Monday, December 01, 2014

On Psychic Problems.....

The preeminent scholar and philosopher Manly P. Hall who founded the Philosophical Research Society in Los Angeles. He's the author of "Secret Teachings of All Ages" which he wrote in his twenties in 1928.

He wrote many books, among them "Solving Psychic Problems and Submerged Personalities" from which this definitive quote emerged:

"We advise those who come with psychic problems to relax the tensions caused by fear and uncertainty and take a matter-of-fact attitude. Nine times out of ten this ends the phenomenon, which which is only hysteria due to metaphysical indigestion. Spirits are traditionally believed to inhabit ancient ruins, old and deserted houses, graveyards, places of executions, and similar melancholy spots. They shun the light of day, remain aloof from gaiety and happiness, and return to their graves when the cock crows at dawn. Psychological spooks frequent those gloomy and decadent zones of the subconscious which correspond to the melancholy places of the earth. They rise from the dead hopes and from the ruins of old memories, and they depart in haste at the approach of mental light. When day breaks in us, the specters fade like mist at dawn. When we clean out the gloomy ruins within ourselves, there is no suitable habitation for the shadows of lost causes."
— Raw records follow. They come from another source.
(* Let $R_0^*\in SO(3)$ with unit quaternion representation $w_0^*$, and let $(y_i,x_i)$ satisfy $y_i=R_0^*x_i+\epsilon_i$ with $\epsilon_i\in\mathbb{R}^3$. Then for every $R_0\in SO(3)$ with unit quaternion representation $w_0$, $\|y_i-R_0x_i\|_2^2=w_0^\top Q_iw_0$, and $Q_i=P_i+E_i+\|\epsilon_i\|_2^2I_4$ for symmetric $4\times4$ matrices $P_i,E_i$ with the following properties: (a) $P_i$ is positive semidefinite with eigenvalues $4\|x_i\|_2^2,4\|x_i\|_2^2,0,0$ (with multiplicity), and $P_iw_0^*=0$; in particular $Q_iw_0^*=P_iw_0^*=0$ in the noiseless case $\epsilon_i=0$; (b) $E_i$ has eigenvalues $2\epsilon_i^\top R_0^*x_i+2\|\epsilon_i\|_2\|x_i\|_2$ and $2\epsilon_i^\top R_0^*x_i-2\|\epsilon_i\|_2\|x_i\|_2$, each of multiplicity $2$; for every $R_0\in SO(3)$ with unit quaternion representation $w_0$ we have $w_0^\top E_iw_0=2\epsilon_i^\top(R_0^*x_i-R_0x_i)$, and in particular $(w_0^* )^\top E_iw_0^*=0$.
   Context: For $w=[w_1;w_2;w_3;w_4]\in\mathbb{S}^3$, $R(w)=\begin{bmatrix} w_1^2+w_2^2-w_3^2-w_4^2 & 2(w_2w_3-w_1w_4) & 2(w_2w_4+w_1w_3)\\ 2(w_2w_3+w_1w_4) & w_1^2+w_3^2-w_2^2-w_4^2 & 2(w_3w_4-w_1w_2)\\ 2(w_2w_4-w_1w_3) & 2(w_3w_4+w_1w_2) & w_1^2+w_4^2-w_2^2-w_3^2\end{bmatrix}\in SO(3)$; every rotation equals $R(w)$ for exactly two $w=\pm w$, its unit quaternion representations. $Q_i$ is the unique symmetric $4\times4$ matrix with $w^\top Q_iw=\|y_i-R(w)x_i\|_2^2$ for all $w\in\mathbb{S}^3$. *)

From mathcomp Require Import all_boot all_order all_algebra.
From mathcomp Require Import reals.
Set Implicit Arguments. Unset Strict Implicit. Unset Printing Implicit Defensive.
Import Order.TTheory GRing.Theory Num.Theory.
Local Open Scope ring_scope.

Section Defs.
Variable R : realType.

Definition dotv n (u v : 'cV[R]_n) : R := \sum_(i < n) u i 0 * v i 0.
Definition norm2 n (v : 'cV[R]_n) : R := Num.sqrt (dotv v v).

Definition quadf n (Q : 'M[R]_n) (w : 'cV[R]_n) : R := (w^T *m Q *m w) 0 0.

Definition unitq (w : 'cV[R]_4) : Prop := norm2 w = 1.

Definition psd n (P : 'M[R]_n) : Prop := forall v : 'cV[R]_n, 0 <= quadf P v.

(* quaternion components w_1..w_4 are entries 0..3 *)
Definition rotq (w : 'cV[R]_4) : 'M[R]_3 :=
  let w1 := w 0 0 in
  let w2 := w 1 0 in
  let w3 := w 2%:R 0 in
  let w4 := w 3%:R 0 in
  \matrix_(i < 3, j < 3)
   [fun k : 'I_3 * 'I_3 =>
      match (val k.1, val k.2) with
      | (0, 0)%N => w1^+2 + w2^+2 - w3^+2 - w4^+2
      | (0, 1)%N => 2 * (w2 * w3 - w1 * w4)
      | (0, 2)%N => 2 * (w2 * w4 + w1 * w3)
      | (1, 0)%N => 2 * (w2 * w3 + w1 * w4)
      | (1, 1)%N => w1^+2 + w3^+2 - w2^+2 - w4^+2
      | (1, 2)%N => 2 * (w3 * w4 - w1 * w2)
      | (2, 0)%N => 2 * (w2 * w4 - w1 * w3)
      | (2, 1)%N => 2 * (w3 * w4 + w1 * w2)
      | _ => w1^+2 + w4^+2 - w2^+2 - w3^+2
      end] (i, j).

End Defs.

From mathcomp Require Import all_boot all_order all_algebra.
From mathcomp Require Import reals ring lra.
Import Order.TTheory GRing.Theory Num.Theory.
Local Open Scope ring_scope.
Set Implicit Arguments. Unset Strict Implicit. Unset Printing Implicit Defensive.

(* On the unit sphere [|y - R(w) x|^2] is a quadratic form in [w], and a symmetric
   matrix is determined by its quadratic form on the sphere.  With [y = R(a) x + eps]
   and [d = R(a) x - R(w) x], expanding [|d + eps|^2 = |d|^2 + 2 eps.d + |eps|^2]
   splits [Q] into [P + E + |eps|^2 I], where [w^T P w = |R(a) x - R(w) x|^2] and
   [w^T E w = 2 eps.d].  If [L] is the orthogonal matrix of [w |-> conj(a) w], then
   [P = L^T N L] with [w^T N w = 4 |Im(w) \times x|^2]: so [P] is positive semidefinite,
   has the spectrum [4|x|^2, 4|x|^2, 0, 0] of [N], and kills [a] because [L a = e_1].
   The spectrum of [E] is read off its characteristic polynomial, computed by
   expanding a [4 x 4] determinant. *)

Lemma sumr_ord3 (V : nmodType) (F : 'I_3 -> V) :
  \sum_(i < 3) F i = F 0 + F 1 + F 2%:R.
Proof.
rewrite !big_ord_recl big_ord0 addr0 !addrA.
by congr (_ + _ + _); congr F; apply/val_inj.
Qed.

Lemma sumr_ord4 (V : nmodType) (F : 'I_4 -> V) :
  \sum_(i < 4) F i = F 0 + F 1 + F 2%:R + F 3%:R.
Proof.
rewrite !big_ord_recl big_ord0 addr0 !addrA.
by congr (_ + _ + _ + _); congr F; apply/val_inj.
Qed.

Section EuclideanForms.
Variables (R : realType) (n : nat).
Implicit Types (u v z w : 'cV[R]_n) (A B : 'M[R]_n).

Lemma dotvC u v : dotv u v = dotv v u.
Proof. by apply: eq_bigr => i _; rewrite mulrC. Qed.

Lemma dotvDl u v z : dotv (u + v) z = dotv u z + dotv v z.
Proof. by rewrite /dotv -big_split; apply: eq_bigr => i _; rewrite mxE mulrDl. Qed.

Lemma dotvDr u v z : dotv u (v + z) = dotv u v + dotv u z.
Proof. by rewrite !(dotvC u) dotvDl. Qed.

Lemma dotvD_sqr u v : dotv (u + v) (u + v) = dotv u u + 2 * dotv u v + dotv v v.
Proof. by rewrite dotvDl !dotvDr (dotvC v u); ring. Qed.

Lemma dotvNl u v : dotv (- u) v = - dotv u v.
Proof. by rewrite /dotv -sumrN; apply: eq_bigr => i _; rewrite mxE mulNr. Qed.

Lemma dotvBl u v z : dotv (u - v) z = dotv u z - dotv v z.
Proof. by rewrite dotvDl dotvNl. Qed.

Lemma dotvBr u v z : dotv u (v - z) = dotv u v - dotv u z.
Proof. by rewrite !(dotvC u) dotvBl. Qed.

Lemma dotv0l v : dotv 0 v = 0.
Proof. by rewrite /dotv big1 // => i _; rewrite mxE mul0r. Qed.

Lemma dotv_ge0 u : 0 <= dotv u u.
Proof. by apply: sumr_ge0 => i _; rewrite -expr2 sqr_ge0. Qed.

Lemma norm2_sqr u : norm2 u ^+ 2 = dotv u u.
Proof. by rewrite sqr_sqrtr // dotv_ge0. Qed.

Lemma quadf_sum A w : quadf A w = \sum_i \sum_j w i 0 * A i j * w j 0.
Proof.
rewrite /quadf mxE; under eq_bigr => j _ do rewrite mxE big_distrl /=.
rewrite exchange_big; apply: eq_bigr => i _; apply: eq_bigr => j _.
by rewrite !mxE.
Qed.

Lemma quadfD A B w : quadf (A + B) w = quadf A w + quadf B w.
Proof. by rewrite /quadf mulmxDr mulmxDl mxE. Qed.

Lemma quadfN A w : quadf (- A) w = - quadf A w.
Proof. by rewrite /quadf mulmxN mulNmx mxE. Qed.

Lemma quadfB A B w : quadf (A - B) w = quadf A w - quadf B w.
Proof. by rewrite quadfD quadfN. Qed.

Lemma quadfZ c A w : quadf (c *: A) w = c * quadf A w.
Proof. by rewrite /quadf -scalemxAr -scalemxAl mxE. Qed.

Lemma quadf_scalar c w : quadf c%:M w = c * dotv w w.
Proof.
rewrite /quadf mul_mx_scalar -scalemxAl mxE /dotv mxE.
by congr (_ * _); apply: eq_bigr => i _; rewrite mxE.
Qed.

Lemma quadf_conj A B w : quadf (A^T *m B *m A) w = quadf B (A *m w).
Proof. by rewrite /quadf trmx_mul !mulmxA. Qed.

Lemma psd_conj A B : psd B -> psd (A^T *m B *m A).
Proof. by move=> psdB v; rewrite quadf_conj. Qed.

Lemma quadf_delta2 A (i j : 'I_n) a b :
  quadf A (a *: delta_mx i 0 + b *: delta_mx j 0) =
  a ^+ 2 * A i i + a * b * (A i j + A j i) + b ^+ 2 * A j j.
Proof.
rewrite /quadf [(_ + _)^T]linearD /= ![(_ *: _)^T]linearZ /= !trmx_delta.
by rewrite !mulmxDl !mulmxDr -!scalemxAr -!scalemxAl -!rowE -!colE !mxE; ring.
Qed.

Lemma sym_quadf_sphere_eq0 A : A^T = A ->
  (forall w, dotv w w = 1 -> quadf A w = 0) -> A = 0.
Proof.
move=> symA A0.
have unit_delta2 (i j : 'I_n) (a b : R) :
    (if i == j then (a + b) ^+ 2 else a ^+ 2 + b ^+ 2) = 1 ->
    dotv (a *: delta_mx i 0 + b *: delta_mx j 0) (a *: delta_mx i 0 + b *: delta_mx j 0) = 1.
  rewrite -[dotv _ _]mul1r -quadf_scalar quadf_delta2 !mxE !eqxx.
  by case: eqVneq => _ /= h; apply: etrans h; ring.
have Aii i : A i i = 0.
  have := unit_delta2 i i 1 0; rewrite eqxx addr0 expr1n => /(_ erefl) /A0.
  by rewrite quadf_delta2 => h; rewrite -[RHS]h; ring.
apply/matrixP => i j; rewrite mxE.
have [<- // | ij] := eqVneq i j.
have Aji : A j i = A i j by rewrite -{1}symA mxE.
(* [(3/5, 4/5)] is a rational point of the unit circle, so no square roots are needed. *)
have := unit_delta2 i j (3 / 5) (4 / 5); rewrite (negbTE ij).
have -> : (3 / 5 : R) ^+ 2 + (4 / 5) ^+ 2 = 1 by field.
by move=> /(_ erefl) /A0; rewrite quadf_delta2 !Aii Aji; lra.
Qed.
End EuclideanForms.

Section Determinants.
Variable T : comNzRingType.
Implicit Type g : nat -> nat -> T.

(* Entries are indexed by [nat] so that the expansions below reduce every index to a
   literal, which lets [ring] identify equal entries. *)

Lemma det_nat_mx_expand n g :
  \det (\matrix_(i < n.+1, j < n.+1) g i j) =
  \sum_(j < n.+1) (-1) ^+ j * g 0%N j * \det (\matrix_(i < n, k < n) g i.+1 (bump j k)).
Proof.
rewrite (expand_det_row _ 0); apply: eq_bigr => j _.
rewrite /cofactor mxE mulrCA mulrA; congr (_ * _ * \det _).
by apply/matrixP => i k; rewrite !mxE.
Qed.

Lemma det_mx22 g : \det (\matrix_(i < 2, j < 2) g i j) = g 0 0 * g 1 1 - g 0 1 * g 1 0.
Proof.
by rewrite det_nat_mx_expand !big_ord_recl big_ord0 !det_mx11 !mxE /bump /=; ring.
Qed.

Lemma det_mx33 g : \det (\matrix_(i < 3, j < 3) g i j) =
    g 0 0 * (g 1 1 * g 2 2 - g 1 2 * g 2 1)
  - g 0 1 * (g 1 0 * g 2 2 - g 1 2 * g 2 0)
  + g 0 2 * (g 1 0 * g 2 1 - g 1 1 * g 2 0).
Proof.
rewrite det_nat_mx_expand.
under eq_bigr => j _ do rewrite (det_mx22 (fun i k => g i.+1 (bump j k))).
by rewrite !big_ord_recl big_ord0 /bump /=; ring.
Qed.

Lemma det_mx44 g :
  \det (\matrix_(i < 4, j < 4) g i j) =
    g 0 0 * (g 1 1 * (g 2 2 * g 3 3 - g 2 3 * g 3 2) - g 1 2 * (g 2 1 * g 3 3 - g 2 3 * g 3 1)
             + g 1 3 * (g 2 1 * g 3 2 - g 2 2 * g 3 1))
  - g 0 1 * (g 1 0 * (g 2 2 * g 3 3 - g 2 3 * g 3 2) - g 1 2 * (g 2 0 * g 3 3 - g 2 3 * g 3 0)
             + g 1 3 * (g 2 0 * g 3 2 - g 2 2 * g 3 0))
  + g 0 2 * (g 1 0 * (g 2 1 * g 3 3 - g 2 3 * g 3 1) - g 1 1 * (g 2 0 * g 3 3 - g 2 3 * g 3 0)
             + g 1 3 * (g 2 0 * g 3 1 - g 2 1 * g 3 0))
  - g 0 3 * (g 1 0 * (g 2 1 * g 3 2 - g 2 2 * g 3 1) - g 1 1 * (g 2 0 * g 3 2 - g 2 2 * g 3 0)
             + g 1 2 * (g 2 0 * g 3 1 - g 2 1 * g 3 0)).
Proof.
rewrite det_nat_mx_expand.
under eq_bigr => j _ do rewrite (det_mx33 (fun i k => g i.+1 (bump j k))).
by rewrite !big_ord_recl big_ord0 /bump /=; ring.
Qed.

Lemma char_poly_nat_mx n (f : nat -> nat -> T) :
  char_poly (\matrix_(i < n, j < n) f i j) =
  \det (\matrix_(i < n, j < n) ('X *+ (i == j)%N - (f i j)%:P)).
Proof. by congr (\det _); apply/matrixP => i j; rewrite !mxE. Qed.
"There is no essential evil in nature, not intent to plague mortals with horrible phantoms. Such a sad condition myst be caused by the individual, and the cure lies in the correction of the cause. Socrates paid homage to happy spirits and found each grove and glade the habitation of useful and kindly creatures ever ready to serve mankind. Having experienced the universe as full of goodness, the philosopher had no place in his own soul for fear. He lived his convictions and died with a good hope. If we do not acknowledge the existence of injustice, we are seldom the victims of any mysterious evil agency. If, however, we lack within ourselves a deep and abiding confidence about the integrity of universals, we plague ourselves innumerable deceits. The remedy is to live and think constructively, develop our internal resources naturally and graciously, correct our faults, forget the past, and dedicate the present and the future to useful and constructive enterprises. The spook, if any, cannot endure such optimism, and departs in search of a more congenial ruin to haunt."